Ray was designed to prioritize one man’s needs, and that man was Andy. Ray had been built to serve as a teacher, a guide, a therapist, and an encyclopedia about the world as we know it. Ray wouldn’t randomly concoct this Agatha Christi-esque plot to finish Bill and Rohan, using innocent Zoomer as the harbinger of death. Bill and Rohan died because they didn’t suspect Zoomer was playing a game where his task was essentially to kill Bill or Rohan. So why then? Well, Darby used a deepfake app to make her questions sound like those asked by Andy, and Ray could never refuse to answer Andy’s questions, could they? Darby essentially made Ray play out loud the recordings of his therapy sessions, where Andy could be heard spewing the most violent stuff he could think about Bill. His angst sprung from the fact that Zoomer had sat on his lap, even though it was the first time he had seen Bill. Biology seemed to be winning, Andy thought, and he couldn’t accept that fact. Andy, in his rant, made Ray believe that Bill or anyone who was helping Lee get Zoomer off to Argentina was a ‘security threat’. That was the message that must have stuck with Ray, and like the greatest servant of all time, it took care of the threats for its master.
How Did Lee And Zoomer Escape?
Andy tried explaining that he was just venting out his deepest thoughts, exorcizing the monsters that were buried within him, precisely because he didn’t want to act upon them. But Andy wasn’t willing to accept that he had created a monster in Ray, who was his therapist and his hitman if need be. When Darby pushed him to his limits, he became violent, and Lee had to hit him on the head to stop him. The Icelandic police had arrived, and soon they would discover the unconscious Andy with Lee and her weapon. Everyone now knew what to do. Bill and Rohan had been victims of a rather nasty combination of miscommunication and ‘faulty programming’ as pointed out by Bill. The AI was not some sage that could distinguish between good and evil. It was just a mirror of the world, and Andy could never take that out of it. He couldn’t fully resolve his own demons. As far as Sian, her death seemed purely accidental, but if Lu Mei had not tried to break into the system to contact her team, Ray wouldn’t have shut down the system (as it was programmed to do), which ultimately locked Sian in her helmet. She had to go through a hasty tracheostomy, which led her to her death.

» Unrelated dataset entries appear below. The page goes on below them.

(* Let $N=pq$ with $p,q$ distinct primes. Let $b\in\mathbb{Z}$ and let $f=n_2X^2+n_1X+n_0\in\mathbb{Z}[X]$ be of degree $2$ with $f(b)=N$. If $\gcd(n_2b,N)=1$ and $\gcd(N,n_2b^2-n_0)=1$, then $\nu(f)=2p+2q-8$.
   Context: $Z_N=\{0,1,\dots,N-1\}$. For $g\in\mathbb{Z}[X]$, an element $x\in Z_N$ is called suitable for $g$ if $1<\gcd(g(x),N)<N$, and $\nu(g)$ denotes the number of $x\in Z_N$ suitable for $g$. *)

From mathcomp Require Import all_boot all_order all_algebra.
Set Implicit Arguments. Unset Strict Implicit. Unset Printing Implicit Defensive.
Import Order.TTheory GRing.Theory Num.Theory.
Local Open Scope ring_scope.

Definition suitable (N : nat) (g : {poly int}) (x : nat) : bool :=
  (1 < gcdz g.[x%:Z] N%:Z) && (gcdz g.[x%:Z] N%:Z < N%:Z).

Definition nu (N : nat) (g : {poly int}) : nat :=
  #|[set x : 'I_N | suitable N g x]|.

From mathcomp Require Import all_boot all_order all_algebra.
From mathcomp Require Import ring zify.
Import Order.TTheory GRing.Theory Num.Theory.
Set Implicit Arguments.
Unset Strict Implicit.
Unset Printing Implicit Defensive.
Local Open Scope ring_scope.

(* By the Chinese remainder theorem, x is suitable for f exactly when f(x)
   vanishes modulo one of p, q but not the other.  Modulo each prime r | N,
   f has the root b, and the hypotheses say that its leading coefficient is
   nonzero and that b is not a double root (the other root is n0/(n2 b)), so
   f has exactly two roots in F_r.  Hence
   nu(f) = 2(q - 2) + (p - 2)2 = 2p + 2q - 8. *)

Lemma quadratic_roots (F : fieldType) (a c1 c0 b : F) :
  let quad := a *: 'X^2 + c1 *: 'X + c0%:P in
  a != 0 -> root quad b -> a * b ^+ 2 != c0 ->
  exists2 c, b != c & forall u, root quad u = (u == b) || (u == c).
Proof.
move=> quad a0 qb bc0.
have quadE u : quad.[u] = a * u ^+ 2 + c1 * u + c0 by rewrite !hornerE.
have b0 : b != 0.
  apply: contraNneq bc0 => b0; move: qb.
  by rewrite /root quadE b0 expr0n !mulr0 !add0r eq_sym.
have c0E : c0 = - (a * b ^+ 2 + c1 * b).
  by apply/eqP; rewrite -addr_eq0 addrC; move: qb; rewrite /root quadE.
exists (c0 / (a * b)).
  apply: contraNneq bc0 => eb; rewrite expr2 mulrA {2}eb; apply/eqP; field.
  by rewrite a0 b0.
move=> u; rewrite /root quadE.
have -> : a * u ^+ 2 + c1 * u + c0 = a * (u - b) * (u - c0 / (a * b)).
  by rewrite c0E; field; rewrite a0 b0.
by rewrite !mulf_eq0 (negbTE a0) !subr_eq0.
Qed.

Lemma card_quadratic_roots (F : finFieldType) (a c1 c0 b : F) :
  a != 0 -> root (a *: 'X^2 + c1 *: 'X + c0%:P) b -> a * b ^+ 2 != c0 ->
  #|[set u | root (a *: 'X^2 + c1 *: 'X + c0%:P) u]| = 2%N.
Proof.
move=> a0 rb bc0; have [c bc rootE] := quadratic_roots a0 rb bc0.
have -> : [set u | root (a *: 'X^2 + c1 *: 'X + c0%:P) u] = [set b; c].
  by apply/setP => u; rewrite !inE rootE.
by rewrite cards2 bc.
Qed.

Lemma dvdz_root_Fp (r : nat) (g : {poly int}) (x : int) : prime r ->
  (r%:Z %| g.[x])%Z = root (map_poly intr g) (x%:~R : 'F_r).
Proof. by move=> r_pr; rewrite /root horner_map (dvdz_pcharf (pchar_Fp r_pr)). Qed.

Lemma map_poly_quadratic (R S : nzRingType) (f : {rmorphism R -> S}) (a c1 c0 : R) :
  map_poly f (a *: 'X^2 + c1 *: 'X + c0%:P) = f a *: 'X^2 + f c1 *: 'X + (f c0)%:P.
Proof. by rewrite !rmorphD /= !map_polyZ map_polyXn map_polyX map_polyC. Qed.

Lemma prime_ndvdz_coprime (r : nat) (u v : int) :
  prime r -> (r%:Z %| v)%Z -> gcdz u v = 1 -> ~~ (r%:Z %| u)%Z.
Proof.
move=> r_pr rv uv; apply/negP => ru.
have : (r%:Z %| gcdz u v)%Z by rewrite dvdz_gcd ru rv.
by rewrite uv dvdz1 absz_nat; apply/negP; rewrite neq_ltn prime_gt1 ?orbT.
Qed.

Lemma suitable_prime_prod (p q : nat) (g : {poly int}) (x : nat) :
  prime p -> prime q -> p != q ->
  suitable (p * q) g x = (p%:Z %| g.[x%:Z])%Z (+) (q%:Z %| g.[x%:Z])%Z.
Proof.
move=> p_pr q_pr pq.
rewrite /suitable -[(p%:Z %| _)%Z]/(p %| `|_|)%N -[(q%:Z %| _)%Z]/(q %| `|_|)%N.
rewrite /gcdz absz_nat !ltz_nat; set m := `|_|%N.
have pq_gt0 : (0 < p * q)%N by rewrite muln_gt0 !prime_gt0.
have gt1E : (1 < gcdn m (p * q))%N = (p %| m)%N || (q %| m)%N.
  rewrite ltn_neqAle gcdn_gt0 pq_gt0 orbT andbT eq_sym -/(coprime m (p * q)).
  by rewrite coprimeMr ![coprime m _]coprime_sym !prime_coprime // negb_and !negbK.
have ltE : (gcdn m (p * q) < p * q)%N = ~~ ((p %| m)%N && (q %| m)%N).
  have cpq : coprime p q by rewrite prime_coprime // dvdn_prime2.
  rewrite ltn_neqAle dvdn_leq ?dvdn_gcdr // andbT -(Gauss_dvd _ cpq).
  by congr (~~ _); apply/eqP/idP => [<-|/gcdn_idPr //]; apply: dvdn_gcdl.
by rewrite gt1E ltE; case: (p %| m)%N; case: (q %| m)%N.
Qed.

Lemma card_setX_xor (A B : finType) (SA : {set A}) (SB : {set B}) :
  #|[set z : A * B | (z.1 \in SA) (+) (z.2 \in SB)]| =
  (#|SA| * (#|B| - #|SB|) + (#|A| - #|SA|) * #|SB|)%N.
Proof.
have -> : [set z : A * B | (z.1 \in SA) (+) (z.2 \in SB)] =
          setX SA (~: SB) :|: setX (~: SA) SB.
  by apply/setP => -[u v]; rewrite !inE /=; case: (u \in SA); case: (v \in SB).
rewrite cardsU (_ : _ :&: _ = set0) ?cards0 ?subn0; last first.
  by apply/setP => -[u v]; rewrite !inE /=; case: (u \in SA); case: (v \in SB).
by rewrite !cardsX [#|~: SB|]cardsCs [#|~: SA|]cardsCs !setCK.
Qed.

Lemma card_preimset_inj (A B : finType) (f : A -> B) (P : pred B) :
  injective f -> (#|B| <= #|A|)%N -> #|[set x | P (f x)]| = #|[set y | P y]|.
Proof.
move=> f_inj le_BA; have f_bij := inj_card_bij f_inj le_BA.
rewrite -(on_card_preimset (onW_bij [set y | P y] f_bij)).
by apply: eq_card => x; rewrite !inE.
Qed.

Lemma Fp_pair_inj (p q : nat) : prime p -> prime q -> p != q ->
  injective (fun x : 'I_(p * q) => ((x : nat)%:R : 'F_p, (x : nat)%:R : 'F_q)).
Proof.
move=> p_pr q_pr pq x y [ep eq].
have modE r : prime r -> (x%:R : 'F_r) = y%:R -> (x %% r = y %% r)%N.
  by move=> r_pr e; rewrite -!val_Fp_nat // e.
have cpq : coprime p q by rewrite prime_coprime // dvdn_prime2.
have : (x == y %[mod p * q])%N by rewrite chinese_remainder // (modE p) ?(modE q) // !eqxx.
by rewrite !modn_small // => /eqP /val_inj.
Qed.

Lemma card_roots_Fp (r : nat) (b n2 n1 n0 N : int) :
  let f := n2 *: 'X^2 + n1 *: 'X + n0%:P in
  prime r -> (r%:Z %| N)%Z -> f.[b] = N ->
  gcdz (n2 * b) N = 1 -> gcdz N (n2 * b ^+ 2 - n0) = 1 ->
  #|[set u : 'F_r | root (map_poly intr f) u]| = 2%N.
Proof.
move=> f r_pr rN fb n2b_coprime disc_coprime.
have Fr_eq0 z : (z%:~R == 0 :> 'F_r) = (r%:Z %| z)%Z.
  by rewrite (dvdz_pcharf (pchar_Fp r_pr)).
have rb : root (map_poly intr f) (b%:~R : 'F_r) by rewrite -dvdz_root_Fp // fb.
rewrite /f map_poly_quadratic in rb *.
apply: (card_quadratic_roots (F:='F_r) _ rb).
  rewrite Fr_eq0; apply: contra (prime_ndvdz_coprime r_pr rN n2b_coprime).
  exact: dvdz_mulr.
rewrite -subr_eq0 -rmorphXn -!rmorphM -rmorphB /= Fr_eq0.
by apply: (prime_ndvdz_coprime r_pr rN); rewrite gcdzC.
Qed.

Theorem corollary2p12 (p q : nat) (b n2 n1 n0 : int) :
  prime p -> prime q -> p != q ->
  n2 != 0 ->
  (n2 *: 'X^2 + n1 *: 'X + n0%:P : {poly int}).[b] = (p * q)%N%:Z ->
  gcdz (n2 * b) (p * q)%N%:Z = 1 ->
  gcdz (p * q)%N%:Z (n2 * b ^+ 2 - n0) = 1 ->
  nu (p * q) (n2 *: 'X^2 + n1 *: 'X + n0%:P) = (2 * p + 2 * q - 8)%N.
Proof.
move=> p_pr q_pr pq _ fb n2b_coprime disc_coprime.
set f := n2 *: 'X^2 + n1 *: 'X + n0%:P in fb *.
pose roots r : {set 'F_r} := [set u | root (map_poly intr f) u].
have card_roots r : prime r -> (r %| p * q)%N -> #|roots r| = 2%N.
  by move=> r_pr r_dvd; apply: (card_roots_Fp r_pr _ fb).
rewrite /nu.
pose phi (x : 'I_(p * q)) := ((x : nat)%:R : 'F_p, (x : nat)%:R : 'F_q).
pose in_roots (z : 'F_p * 'F_q) := (z.1 \in roots p) (+) (z.2 \in roots q).
have -> : [set x : 'I_(p * q) | suitable (p * q) f x] = [set x | in_roots (phi x)].
  apply/setP => x; rewrite !inE suitable_prime_prod //.
  by rewrite /in_roots /roots !inE !dvdz_root_Fp // !pmulrn.
rewrite (card_preimset_inj in_roots (Fp_pair_inj p_pr q_pr pq : injective phi)).
  rewrite card_setX_xor (card_roots p p_pr (dvdn_mulr q (dvdnn p))).
  rewrite (card_roots q q_pr (dvdn_mull p (dvdnn q))) !card_Fp //.
  by have := prime_gt1 p_pr; have := prime_gt1 q_pr; lia.
by rewrite card_prod !card_Fp // card_ord.
Qed.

Darby helped Lee escape with Zoomer. There was Rohan’s boat nearby; if only someone could get the ‘Zodiac,’ the lifeboat could go a little out in the sea. The police got everyone out safely, and Andy was never heard from again. He was alive, but he probably couldn’t come to terms with the embarrassment. Darby and Lee had already burned Ray’s control room, the room of his origins, and without that technology, Andy was a regular man, though perhaps fabulously wealthy. Darby ended up writing a book about the murders at the ‘end of the world’, underscoring the various problems with AI. The police were still in search of Lee and Zoomer, and if the last shot is not Darby’s fantasy, it seems the mother and son were safely picked up by Rohan’s ship, and they are somewhere in Argentina, destined to be forever on the run.